Re: mem bug progress: got the cause, fix planned

From: <kfogel_at_collab.net>
Date: 2001-08-24 17:27:26 CEST

I wrote:
> A quick status report on the showstopper "cannot allocate memory" bug:
> we're pretty sure we've got the cause, and a fix is known.

Make that: "we're sure".

This morning I ran one more test to verify the theory. The test was
to turn off deltification (and hence undeltification) and run
`mass-commit' again. This time it ran through all 1000 commits, no
memory problems, an order of magnitude faster than it did before.

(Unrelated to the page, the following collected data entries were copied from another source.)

(* Let $n$ be an odd positive integer and $k$ an integer with $1<k<n$ and $\gcd(n,k)=\gcd(n,k-1)=1$. Then there is exactly one quasigroup operation on $\{1,2,\dots,n\}$ that is idempotent and $k$-translatable with respect to the ordering $1,2,\dots,n$.
   Context: A groupoid on $\{1,\dots,n\}$ is $k$-translatable with respect to the ordering $1,\dots,n$ if $i\cdot j=(i-1)\cdot(j-k)$ for all $i\in\{2,\dots,n\}$, $j\in\{1,\dots,n\}$, where $j-k$ is taken modulo $n$ in $\{1,\dots,n\}$. Idempotent means $x\cdot x=x$ for all $x$. *)

From mathcomp Require Import all_boot.
Set Implicit Arguments. Unset Strict Implicit. Unset Printing Implicit Defensive.

(* Elements 1..n of the paper are represented by the ordinals 0..n-1 of 'I_n
   (paper element x  <->  ordinal x-1); the ordering 1,...,n becomes 0,...,n-1.
   A binary operation (groupoid) on the set is a finite function. *)
Definition binop (n : nat) := {ffun 'I_n * 'I_n -> 'I_n}.

Definition opp {n} (f : binop n) (x y : 'I_n) : 'I_n := f (x, y).

Definition is_quasigroup n (f : binop n) : Prop :=
  (forall a : 'I_n, bijective (fun x => opp f a x)) /\
  (forall a : 'I_n, bijective (fun x => opp f x a)).

Definition idempotent_binop n (f : binop n) : Prop := forall x : 'I_n, opp f x x = x.

(* j - k taken modulo n (0-based representatives in 'I_n).  For paper elements
   J = j+1, the paper's (J - k) mod n in {1..n} equals ((j - k) mod n) + 1. *)
Definition subk n (k : nat) (j : 'I_n) : 'I_n := insubd j ((j + n - k %% n) %% n).
(* insubd j v = the ordinal with value v whenever v < n (always the case here,
   since j : 'I_n forces 0 < n); the default j is never used. *)

(* k-translatable w.r.t. the natural ordering: for paper rows i in {2..n},
   i.e. 0-based rows i with 1 <= i, row i is row i-1 shifted:
   i * j = (i-1) * (j - k). *)
Definition k_translatable n (k : nat) (f : binop n) : Prop :=
  forall (i j : 'I_n), 0 < val i ->
    opp f i j = opp f (insubd i i.-1) (subk k j).

(* Identify {1..n} with Z/nZ.  Translatability propagates row 0 down the table:
   x * y = 0 * (y - k x).  Idempotency then forces 0 * ((1 - k) x) = x, and
   since 1 - k is a unit (gcd(n, k - 1) = 1) row 0 is y |-> y / (1 - k).  So
   the only candidate is x * y = (y - k x) / (1 - k), which is a quasigroup
   because k and 1 - k are units. *)
From mathcomp Require Import all_boot all_algebra.
From mathcomp Require Import ring.
Import GRing.Theory.
Local Open Scope ring_scope.

Section TranslatableZp.
Variable m : nat.
Local Notation n := m.+2.

Lemma insubd_predE (i : 'Z_n) : (0 < i)%N -> insubd i i.-1 = i - 1.
Proof.
move=> i0; apply/eqP; rewrite eq_sym subr_eq; apply/eqP/val_inj.
rewrite /= val_insubd (leq_ltn_trans (leq_pred i)) //.
by rewrite [(1 %% _)%N]modn_small // addn1 prednK // modn_small.
Qed.

Lemma val_subr1 (i : 'Z_n) : (0 < i)%N -> val (i - 1) = i.-1.
Proof.
by move=> i0; rewrite -insubd_predE // val_insubd (leq_ltn_trans (leq_pred i)).
Qed.

Lemma subkE k (j : 'Z_n) : subk k j = j - k%:R.
Proof.
apply: val_inj; rewrite /subk val_insubd ltn_pmod //= Zp_nat /= modnDmr.
by rewrite addnBA // ltnW // ltn_pmod.
Qed.

Lemma k_translatableE k (g : binop n) :
  k_translatable k g <->
  forall i j : 'Z_n, (0 < i)%N -> opp g i j = opp g (i - 1) (j - k%:R).
Proof.
by split=> gk i j i0; rewrite gk // insubd_predE // subkE.
Qed.

Lemma k_translatable_row0 k (g : binop n) : k_translatable k g ->
  forall i j : 'Z_n, opp g i j = opp g 0 (j - i * k%:R).
Proof.
move=> /k_translatableE gk i; move def_t: (val i) => t.
elim: t i def_t => [|t IH] i def_i j.
  have -> : i = 0 by apply: val_inj.
  by rewrite mul0r subr0.
rewrite gk ?def_i // IH; last by rewrite val_subr1 def_i.
by congr opp; ring.
Qed.

Definition translatable_op k : binop n :=
  [ffun p : 'Z_n * 'Z_n => (p.2 - p.1 * k%:R) / (1 - k%:R)].

Lemma translatable_opE k (i j : 'Z_n) :
  opp (translatable_op k) i j = (j - i * k%:R) / (1 - k%:R).
Proof. by rewrite /opp ffunE. Qed.

Variable k : nat.
Hypotheses (k_unit : (k%:R : 'Z_n) \is a GRing.unit)
           (k1_unit : (1 - k%:R : 'Z_n) \is a GRing.unit).

Lemma translatable_op_k_translatable : k_translatable k (translatable_op k).
Proof.
by apply/k_translatableE => i j _; rewrite !translatable_opE; congr (_ / _); ring.
Qed.

Lemma translatable_op_idempotent : idempotent_binop (translatable_op k).
Proof.
move=> x; rewrite translatable_opE.
have -> : x - x * k%:R = x * (1 - k%:R) by ring.
exact: mulrK.
Qed.

Lemma translatable_op_quasigroup : is_quasigroup (translatable_op k).
Proof.
have div_inj : injective (fun x : 'Z_n => x / (1 - k%:R)).
  by apply: mulIr; rewrite unitrV.
split=> a; apply: injF_bij => x y; rewrite !translatable_opE.
  by move/div_inj/addIr.
by move/div_inj/addrI/oppr_inj/(mulIr k_unit).
Qed.

Lemma translatable_op_unique (g : binop n) :
  idempotent_binop g -> k_translatable k g -> g = translatable_op k.
Proof.
move=> g_id /k_translatable_row0 g_row0.
have row0 (y : 'Z_n) : opp g 0 y = y / (1 - k%:R).
  have := g_id (y / (1 - k%:R)); rewrite g_row0.
  have -> : y / (1 - k%:R) - y / (1 - k%:R) * k%:R = y / (1 - k%:R) * (1 - k%:R).
    by ring.
  by rewrite mulrVK.
by apply/ffunP => -[i j]; rewrite ffunE -[LHS]/(opp g i j) g_row0 row0.
Qed.

End TranslatableZp.

Local Close Scope ring_scope.

Theorem corollary8p10 (n k : nat) :
  odd n -> 1 < k < n -> coprime n k -> coprime n k.-1 ->
  exists f : binop n,
    (is_quasigroup f /\ idempotent_binop f /\ k_translatable k f) /\
    (forall g : binop n,
        is_quasigroup g /\ idempotent_binop g /\ k_translatable k g -> g = f).
Proof.
case: n => [|[|m]] _ /andP[k_gt1 k_lt_n]; [by case: k k_gt1 k_lt_n..|].
move=> cop_k cop_k1.
have k_unit : (k%:R : 'Z_m.+2)%R \is a GRing.unit by rewrite unitZpE.
have k1_unit : (1 - k%:R : 'Z_m.+2)%R \is a GRing.unit.
  rewrite -[k in (k%:R)%R](ltn_predK k_gt1) -natr1 opprD addrCA subrr addr0 unitrN.
  by rewrite unitZpE.
exists (translatable_op m k); split.
  split; [exact: translatable_op_quasigroup | split].
  - exact: translatable_op_idempotent.
  - exact: translatable_op_k_translatable.
by move=> g [_ [g_id g_k]]; apply: translatable_op_unique g_id g_k.
Qed.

Of course, the repository was still 86 megs even after pruning log
files, but hey, what did you expect? :-)

The fix for this particular problem is a rewrite of the commit code
path on the server side, described earlier, which will result in
dramatically more efficient commits independently of any improvements
we make in the undeltification code. However, we still obviously need
to improve undeltification, to retrieve old revisions efficiently, so
that's one of the top five after M3; see issue #414.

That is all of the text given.